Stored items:
******************************
Lemma separation_of_partition g u v V1 V2 : symmetric g ->
  V1 :|: V2 = ~: [set u; v] -> V1 :&: V2 = set0 ->
  (forall x y, x \in V1 -> y \in V2 -> ~~ g x y) ->
  separation g (V1 :|: [set u; v]) (V2 :|: [set u; v]) u v.
Proof.
move=> gs cover disj noE.
have inV12 x : x \notin [set u; v] -> (x \in V1) || (x \in V2).
  by move=> xNuv; rewrite -in_setU cover in_setC.
have exits V V' : V :|: V' = V1 :|: V2 -> (forall x y, x \in V -> y \in V' -> ~~ g x y) ->
    exits_through g (V :|: [set u; v]) u v.
  move=> VV' noVV' x y xS; rewrite !inE !negb_or => /and3P[yNV yu yv] gxy.
  have yV' : y \in V'.
    by have := inV12 y; rewrite -in_setU -VV' !inE (negbTE yNV) (negbTE yu) (negbTE yv); apply.
  move: xS; rewrite !inE => /or3P[xV | -> // | ->]; last by rewrite orbT.
  by rewrite (negbTE (noVV' x y xV yV')) in gxy.
split.
- by rewrite setUACA setUid cover setUC setUCr.
- by rewrite -setUIl disj set0U.
- exact: exits.
- apply: exits => [|x y xV2 yV1]; first exact: setUC.
  by rewrite gs noE.
Qed.

Section Separation.
Variables (g hH : rel T) (S1 S2 : {set T}) (u v w1 w2 : T).
Hypotheses (gs : symmetric g) (span : spanning_2EC_subgraph g hH)
  (conn : forall x, connectedb (setT :\ x) g) (sep : separation g S1 S2 u v)
  (w1NS2 : w1 \notin S2) (w2NS1 : w2 \notin S1).

Lemma separation_mem : [/\ u \in S1, v \in S1, u \in S2 & v \in S2].
Proof.
case: sep => _ cap _ _; have := set21 u v; have := set22 u v.
by rewrite -cap !inE => /andP[-> ->] /andP[-> ->].
Qed.

Lemma typeABC_separation : typeABC S1 hH u v.
Proof.
have [uS1 vS1 _ _] := separation_mem; case: sep => _ _ ex1 _.
have [hs _] := span.
exact: two_terminal_typeABC hs uS1 vS1 (two_terminal_of_exits span ex1 w2NS1).
Qed.

Lemma typeA_separation_of_typeC : typeC S1 hH u v -> typeA S2 hH u v.
Proof.
have [uS1 vS1 uS2 vS2] := separation_mem; case: sep => cover _ _ ex2.
have [hs _] := span; move/(typeC_disconnected hs) => nuv.
exists S2; split=> //; apply: comps_of_twoEC; last by apply/set0Pn; exists u.
apply: (twoEC_of_two_terminal hs (two_terminal_of_exits span ex2 w1NS2)) => c d.
exact: connect_delEdge_of_disconnected span cover uS1 vS1 uS2 vS2 ex2 nuv.
Qed.

Lemma part2_separation : part2 g hH S1 u v.
Proof.
have [_ _ uS2 vS2] := separation_mem; case: sep => cover _ ex1 _.
have w1S1 : w1 \in S1 by move: (in_setT w1); rewrite -cover inE (negbTE w1NS2) orbF.
have [w1u w1v] : w1 != u /\ w1 != v by split; apply: contraNneq w1NS2 => ->.
exact: part2_of_exits gs span (conn u) (conn v) w1S1 w1u w1v w2NS1 ex1.
Qed.
End Separation.
End Graphs.

Theorem lemma11 (T : finType) (g : rel T) (u v : T) (V1 V2 : {set T})
    (hH : rel T) :
  simple_graph g ->
  two_vertex_connected g ->
  no_irrelevant_edges g ->
  two_vertex_cut g u v ->
  V1 :|: V2 = ~: [set u; v] ->
  V1 :&: V2 = set0 ->
  V1 != set0 -> V2 != set0 ->
  (forall x y, x \in V1 -> y \in V2 -> ~~ g x y) ->
  spanning_2EC_subgraph g hH ->
  let S1 := V1 :|: [set u; v] in
  let S2 := V2 :|: [set u; v] in
  ([/\ typeABC S1 hH u v, typeABC S2 hH u v,
       typeC S1 hH u v -> typeA S2 hH u v &
       typeC S2 hH u v -> typeA S1 hH u v])
  /\ part2 g hH S1 u v /\ part2 g hH S2 u v.
Proof.
move=> [gs _] [_ [_ conn]] _ _ cover disj /set0Pn[w1 w1V1] /set0Pn[w2 w2V2] noE span S1 S2.
have sep : separation g S1 S2 u v := separation_of_partition gs cover disj noE.
have notin_side x (V V' : {set T}) :
    x \in V -> V :&: V' = set0 -> V \subset ~: [set u; v] -> x \notin V' :|: [set u; v].
  move=> xV VV' /subsetP/(_ x xV); rewrite in_setU in_setC => /negbTE->; rewrite orbF.
  by apply/negP => xV'; move/setP/(_ x): VV'; rewrite !inE xV xV'.
have w1NS2 : w1 \notin S2 by apply: notin_side w1V1 disj _; rewrite -cover subsetUl.
have disj' : V2 :&: V1 = set0 by rewrite setIC.
have w2NS1 : w2 \notin S1 by apply: notin_side w2V2 disj' _; rewrite -cover subsetUr.
have sep' := separation_sym sep.
split; [split | split].
- exact: typeABC_separation span sep w2NS1.
- exact: typeABC_separation span sep' w1NS2.
- exact: typeA_separation_of_typeC span sep w1NS2.
- exact: typeA_separation_of_typeC span sep' w2NS1.
- exact: part2_separation gs span conn sep w1NS2 w2NS1.
- exact: part2_separation gs span conn sep' w2NS1 w1NS2.
Qed.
******************************
» **Problem details**: Retype only this range exactly: the first line of the data through the line where "exits_through g (V :|: [set u; v]) u v." appears.

» **Response to the task**:
Lemma separation_of_partition g u v V1 V2 : symmetric g ->
  V1 :|: V2 = ~: [set u; v] -> V1 :&: V2 = set0 ->
  (forall x y, x \in V1 -> y \in V2 -> ~~ g x y) ->
  separation g (V1 :|: [set u; v]) (V2 :|: [set u; v]) u v.
Proof.
move=> gs cover disj noE.
have inV12 x : x \notin [set u; v] -> (x \in V1) || (x \in V2).
  by move=> xNuv; rewrite -in_setU cover in_setC.
have exits V V' : V :|: V' = V1 :|: V2 -> (forall x y, x \in V -> y \in V' -> ~~ g x y) ->
    exits_through g (V :|: [set u; v]) u v.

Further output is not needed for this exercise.